La basificación de los trabajadores tiene como requisito mínimo el que el trabajador tenga tres años laborando, pero este requisito se lo brincaron. De los 221 basificados en esta legislatura, sólo 41 cumplían el requisito, el resto no ajustaba el tiempo mínimo.

Entre los beneficiados se encuentra personal Sindicato, cuya dirigente, Irene Trejo, tiene también su historia porque a decir de algunos trabajadores no es una lideresa bien vista en el Congreso de Jalisco y por ello, muy próxima la elección del secretario del Sindicato de Trabajadores del Poder Judicial, sus cuentas no salían. Para lograr la reelección y decidió entonces negociar abrir nuevos agremiados.

Los 98 recientemente sindicalizados, que significaron una candente sesión del sindicato a puertas cerradas, le dio los votos suficientes para reelegirse y seguir medrando en el Congreso de Jalisco, en donde ha pasado de ganar menos de 20 mil pesos mensuales, a los casi 50 mil que ahora goza y no tiene más que eso porque quedaría automáticamente fuera del gremio, en donde hay un tope salarial para ser miembro.

LA DEUDA

La deuda que deja esta administración a la LX Legislatura es el otro dolor de cabeza.

No existe información confiable y sólo se sabe que se requieren sobre 35 millones de pesos para resolver los conflictos laborales, pero a eso deben sumarse otros adeudos de gravedad, como es Pensiones del Estado, impuestos federales y proveedores, cuya deuda podría alcanzar los 500 millones de pesos.

Sólo en el renglón de proveedores, de los que Roberto Marrufo dice no pasan de cinco millones de pesos, la realidad es que rebasa los 200 millones de pesos.

Evidentemente todos los proveedores son importantes, hay algunos con deudas por encima de los 20 millones de pesos a uno solo de ellos, pero sin duda los más significativos son los impuestos y Pensiones del Estado, en donde están comprometidos los recursos de la siguiente administración, independientemente de lo que se requiere para pago de salarios vencidos y prestaciones de fin de año que no están presupuestadas.

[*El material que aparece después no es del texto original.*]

Lemma sum_forced_gap : (\sum_j forced_gap j = n)%N.
Proof.
have := inS_sum_eabs hy; have : (\sum_j u j = \sum_j u (ord_pred j))%N.
  by rewrite (reindex_inj (@ord_pred_inj _)).
have : (\sum_j (forced_gap j + u j) = \sum_j u (ord_pred j) + \sum_j eabs (y j))%N.
  by rewrite -big_split; apply: eq_bigr => j _; rewrite forced_gap_add.
rewrite big_split /=; lia.
Qed.

Lemma forced_gap_le j : (forced_gap j + k <= n)%N.
Proof.
rewrite -sum_forced_gap (bigD1 j) //= leq_add2l.
have : (\sum_(i | i != j) 1 <= \sum_(i | i != j) forced_gap i)%N.
  by apply: leq_sum => i _; apply: forced_gap_gt0.
by rewrite sum1_card cardC1 card_ord.
Qed.

Definition forced_state : state n k.+1 :=
  [ffun j => if (u (ord_pred j) + eabs (y j) - 1 < g j)%N then None
             else Some (inord (forced_gap j))].

Lemma eabs_forced_state j : eabs (forced_state j) = forced_gap j.
Proof.
have := forced_failuresE j; have := forced_gap_gt0 j; have := forced_gap_le j.
rewrite /forced_state ffunE /forced_gap /failure_step; case: ifP => blocked /=; first lia.
move=> le gt0 fixj; rewrite inordK; lia.
Qed.

Lemma inS_forced_state : inS forced_state.
Proof.
apply/and3P; split.
- apply/forallP => j; have := eabs_forced_state j.
  have := forced_gap_gt0 j; have := forced_gap_le j.
  by case: (forced_state j) => [m|] //= *; lia.
- by apply/eqP; rewrite -[RHS]sum_forced_gap; apply/eq_bigr => j _; apply: eabs_forced_state.
- rewrite /bnum; apply: (@leq_trans #|predC1 j0|); last by rewrite cardC1 card_ord subn1.
  apply: subset_leq_card; apply/subsetP => i; rewrite !inE.
  by apply: contraTneq => ->; rewrite /forced_state ffunE g_j0 ltn0.
Qed.

Lemma failures_forced_state : failures y forced_state =1 u.
Proof.
apply: (failures_unique hy inS_forced_state) => [j|]; last first.
  by exists j0; rewrite forced_failuresE /failure_step g_j0 min0n.
by rewrite eabs_forced_state addnC forced_gap_add.
Qed.

Lemma consistent_forced_state : consistent forced_state g.
Proof.
apply/familyP => j; rewrite /admissible /blocked_failures !failures_forced_state.
have := forced_failuresE j; rewrite /forced_state ffunE /failure_step.
case: ifP => [//| /negbT]; rewrite -leqNgt /= => g_le ->.
by rewrite inE minnC; apply/eqP/esym/minn_idPr.
Qed.

End ConsistentState.

Lemma sum_consistent (V : nmodType) g (v : V) :
  \sum_(x | inS x && consistent x g) v = if [exists j, g j == 0%N :> nat] then v else 0.
Proof.
case: ifP => [/existsP [j0 /eqP g_j0] | no_zero].
  rewrite (big_pred1 (forced_state g)) // => x /=.
  apply/idP/eqP => [/andP [hx cx] | ->].
    have := consistent_forced_state g_j0.
    exact: consistent_inj g_j0 hx cx (inS_forced_state g_j0).
  by rewrite (inS_forced_state g_j0) (consistent_forced_state g_j0).
rewrite big_pred0 // => x; apply/negbTE/andP => [[hx cx]].
by rewrite (consistent_has_zero hx cx) in no_zero.
Qed.

End Consistency.

Section BalanceIdentity.
Variables (R : fieldType) (s : R) (n k : nat) (y : state n k.+1).
Hypotheses (hy : inS y) (s_neq0 : s != 0).

(* Failure counts are at most 2n and blocked workers use at most 3n - 1. *)
Local Notation B := (3 * n)%N.
Local Notation q := (1 - s).

Lemma sum_admissible x j : inS x ->
  \sum_(t | @admissible n k B y x j t) tgeom s B t =
  s * (if x j == None then q / s else 1) * q ^+ failures y x j.
Proof.
move=> hx; have f_le := failures_le hy j hx.
have c_le := inS_eabs_le j hy; have c_gt0 := inS_eabs_gt0 j hy.
have := failures_rec hy j hx; rewrite /admissible.
case: (x j) => [m|] /= rec.
- have f_lt : (failures y x j < B.+1)%N by lia.
  rewrite (big_pred1 (Ordinal f_lt)) => [|t]; last by rewrite /= -val_eqE.
  by rewrite /tgeom /= ifT ?mulr1 //; lia.
- rewrite (eq_bigl (fun t : 'I_B.+1 => (blocked_failures y x j).+1 <= t)%N) //.
  rewrite sum_tgeom_ge; last by rewrite /blocked_failures; lia.
  have -> : failures y x j = blocked_failures y x j by rewrite /blocked_failures; lia.
  by rewrite exprS; field.
Qed.

Lemma consistent_weight x : inS x ->
  \sum_(g : {ffun 'I_k.+1 -> 'I_B.+1} | consistent y x g) \prod_j tgeom s B (g j) =
  s ^+ k.+1 * (q / s) ^+ bnum x * q ^+ (\sum_j failures y x j).
Proof.
move=> hx.
rewrite -(bigA_distr_big_dep _ (fun (_ : 'I_k.+1) (t : 'I_B.+1) => tgeom s B t)).
rewrite (eq_bigr _ (fun j _ => sum_admissible j hx)) !big_split /=.
by rewrite prodr_const card_ord -big_mkcond /= prodr_const prodrXr.
Qed.

Lemma balance_identity :
  s ^+ k.+1 * \sum_(x | inS x) (q / s) ^+ bnum x * q ^+ (\sum_j failures y x j)
    = 1 - q ^+ k.+1.
Proof.
pose W (g : {ffun 'I_k.+1 -> 'I_B.+1}) := \prod_j tgeom s B (g j).
pose pos := fun _ : 'I_k.+1 => [pred t : 'I_B.+1 | (0 < t)%N].
have B_gt0 : (0 < B)%N by have := inS_eabs_gt0 ord0 hy; have := inS_eabs_le ord0 hy; lia.
have no_zero g : (g \in family pos) = ~~ [exists j, g j == 0%N :> nat].
  apply/familyP/negP => [g_pos /existsP [j /eqP g0] | no0 j].
    by have := g_pos j; rewrite inE g0.
  by rewrite inE lt0n; apply/negP => /eqP g0; apply: no0; apply/existsP; exists j; rewrite g0.
transitivity (\sum_(x | inS x) \sum_(g | consistent y x g) W g).
  by rewrite mulr_sumr; apply: eq_bigr => x hx; rewrite consistent_weight // !mulrA.
rewrite (exchange_big_dep predT) //=.
transitivity (\sum_g (W g - if g \in family pos then W g else 0)).
  apply: eq_bigr => g _; rewrite sum_consistent // no_zero.
  by case: ifP; rewrite ?subr0 ?subrr.
by rewrite sumrB -big_mkcond sum_prod_tgeom sum_prod_tgeom_gt0 // card_ord.
Qed.

End BalanceIdentity.

Section PositiveKernel.
Variables (R : realFieldType) (T : finType) (S : pred T) (P : T -> T -> R).
Hypothesis P_gt0 : forall x y, S x -> S y -> 0 < P x y.

Definition stationary (mu : T -> R) := forall y, S y -> mu y = \sum_(x | S x) mu x * P x y.

Lemma stationary_ge0_eq0 (w : T -> R) z : stationary w -> (forall x, S x -> 0 <= w x) ->
  S z -> w z = 0 -> forall x, S x -> w x = 0.
Proof.
move=> w_stat w_ge0 Sz wz0 x Sx.
have w_P_ge0 i : S i -> 0 <= w i * P i z by move=> Si; rewrite mulr_ge0 ?w_ge0 ?ltW ?P_gt0.
have sum0 : \sum_(i | S i) w i * P i z = 0 by rewrite -w_stat.
have /eqP := psumr_eq0P w_P_ge0 sum0 Sx.
by rewrite mulf_eq0 (negbTE (lt0r_neq0 (P_gt0 Sx Sz))) orbF => /eqP.
Qed.

Lemma stationary_unique (nu mu : T -> R) : (forall x, S x -> 0 < nu x) ->
  \sum_(x | S x) nu x = 1 -> stationary nu ->
  \sum_(x | S x) mu x = 1 -> stationary mu -> forall x, S x -> mu x = nu x.
Proof.
move=> nu_gt0 nu1 nu_stat mu1 mu_stat x Sx.
have [z Sz z_min] := arg_minP (fun i => mu i / nu i) Sx.
set c := mu z / nu z in z_min.
pose w i := mu i - c * nu i.
have w_stat : stationary w.
  move=> i Si; rewrite /w (mu_stat i Si) (nu_stat i Si) mulr_sumr -sumrB.
  by apply: eq_bigr => j _; ring.
have w_ge0 i : S i -> 0 <= w i.
  by move=> Si; rewrite subr_ge0 -ler_pdivlMr ?nu_gt0 ?z_min.
have wz : w z = 0 by rewrite /w /c divfK ?subrr // lt0r_neq0 ?nu_gt0.
have mu_eq i : S i -> mu i = c * nu i.
  move=> Si; apply/eqP; rewrite -subr_eq0; apply/eqP.
  exact: (stationary_ge0_eq0 w_stat w_ge0 Sz wz Si).
have c1 : c = 1 by rewrite -mu1 (eq_bigr _ mu_eq) -mulr_sumr nu1 mulr1.
by rewrite mu_eq // c1 mul1r.
Qed.

End PositiveKernel.

Section WarehouseChain.
Variables (R : realFieldType) (s : R) (n k : nat).
Hypothesis s01 : 0 < s < 1.

Let s_gt0 : 0 < s. Proof. by case/andP: s01. Qed.
Let q_gt0 : 0 < 1 - s. Proof. by rewrite subr_gt0; case/andP: s01. Qed.
Let qk_lt1 : (1 - s) ^+ k.+1 < 1.
Proof. by rewrite exprn_ilt1 ?ltW // ltrBlDr ltrDl. Qed.

Lemma Ptrans_gt0 (x y : state n k.+1) : 0 < Ptrans s x y.
Proof.
have r_gt0 : 0 < (1 - s) / s by rewrite divr_gt0.
rewrite /Ptrans mulr_gt0 ?exprz_gt0 // mulr_gt0 ?exprn_gt0 //.
by rewrite divr_gt0 ?exprn_gt0 ?subr_gt0.
Qed.

Lemma omega_gt0 (x : state n k.+1) : 0 < omega s x.
Proof. by rewrite exprn_gt0 ?divr_gt0. Qed.

Lemma sum_omega_gt0 (x : state n k.+1) :
  inS x -> 0 < \sum_(z : state n k.+1 | inS z) omega s z.
Proof.
move=> hx; rewrite (bigD1 x) //= ltr_pwDl ?omega_gt0 // sumr_ge0 // => z _.
by rewrite ltW ?omega_gt0.
Qed.

Lemma nu_gt0 (x : state n k.+1) : inS x -> 0 < nu s x.
Proof. by move=> hx; rewrite /nu divr_gt0 ?omega_gt0 ?(sum_omega_gt0 hx). Qed.

Lemma sum_nu (x : state n k.+1) : inS x -> \sum_(z : state n k.+1 | inS z) nu s z = 1.
Proof. by move=> hx; rewrite -mulr_suml mulfV // lt0r_neq0 ?(sum_omega_gt0 hx). Qed.

Lemma nu_stationary : stationary (@inS n k.+1) (Ptrans s) (nu s).
Proof.
move=> y hy; have := balance_identity hy (lt0r_neq0 s_gt0).
set Z := \sum_(x | inS x) _ => balance.
have C_Z : s ^+ k.+1 / (1 - (1 - s) ^+ k.+1) * Z = 1.
  by rewrite mulrAC balance mulfV // subr_eq0 eq_sym lt_eqF.
rewrite -[LHS]mulr1 -C_Z mulrA mulr_sumr; apply: eq_bigr => x _.
by rewrite /nu /Ptrans /omega phi_failures -exprnP; ring.
Qed.

End WarehouseChain.

Theorem mainTheorem1 (R : realFieldType) (n k : nat) (s : R) :
  (1 <= k <= n)%N -> 0 < s < 1 ->
  (forall y : state n k, inS y ->
     nu s y = \sum_(x : state n k | inS x) nu s x * Ptrans s x y) /\
  (forall mu : state n k -> R,
     (forall x, inS x -> 0 <= mu x) ->
     \sum_(x : state n k | inS x) mu x = 1 ->
     (forall y, inS y -> mu y = \sum_(x : state n k | inS x) mu x * Ptrans s x y) ->
     forall x, inS x -> mu x = nu s x).
Proof.
case: k => [|k] // _ s01; split; first exact: nu_stationary s01.
move=> mu _ mu1 mu_stat x hx.
apply: (stationary_unique (S := @inS n k.+1) (fun x y _ _ => Ptrans_gt0 s01 x y)) => //.
- exact: nu_gt0 s01.
- exact: (sum_nu s01 hx).
- exact: nu_stationary s01.
Qed.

Esta legislatura ha realizado pagos de deuda por más de 270 millones de pesos a lo largo de todo su tiempo y no termina de salir de sus conflictos. Los agranda y los hace interminables y se quejan sistemáticamente de que la pasada legislatura les dejó deudas y problemas que no supieron resolver, sólo mantuvieron el desordenad gasto que los tiene a punto de entregar un Poder Legislativo saqueado, en donde impera la ley del que tenga las manos grandes o los bolsillos más profundos.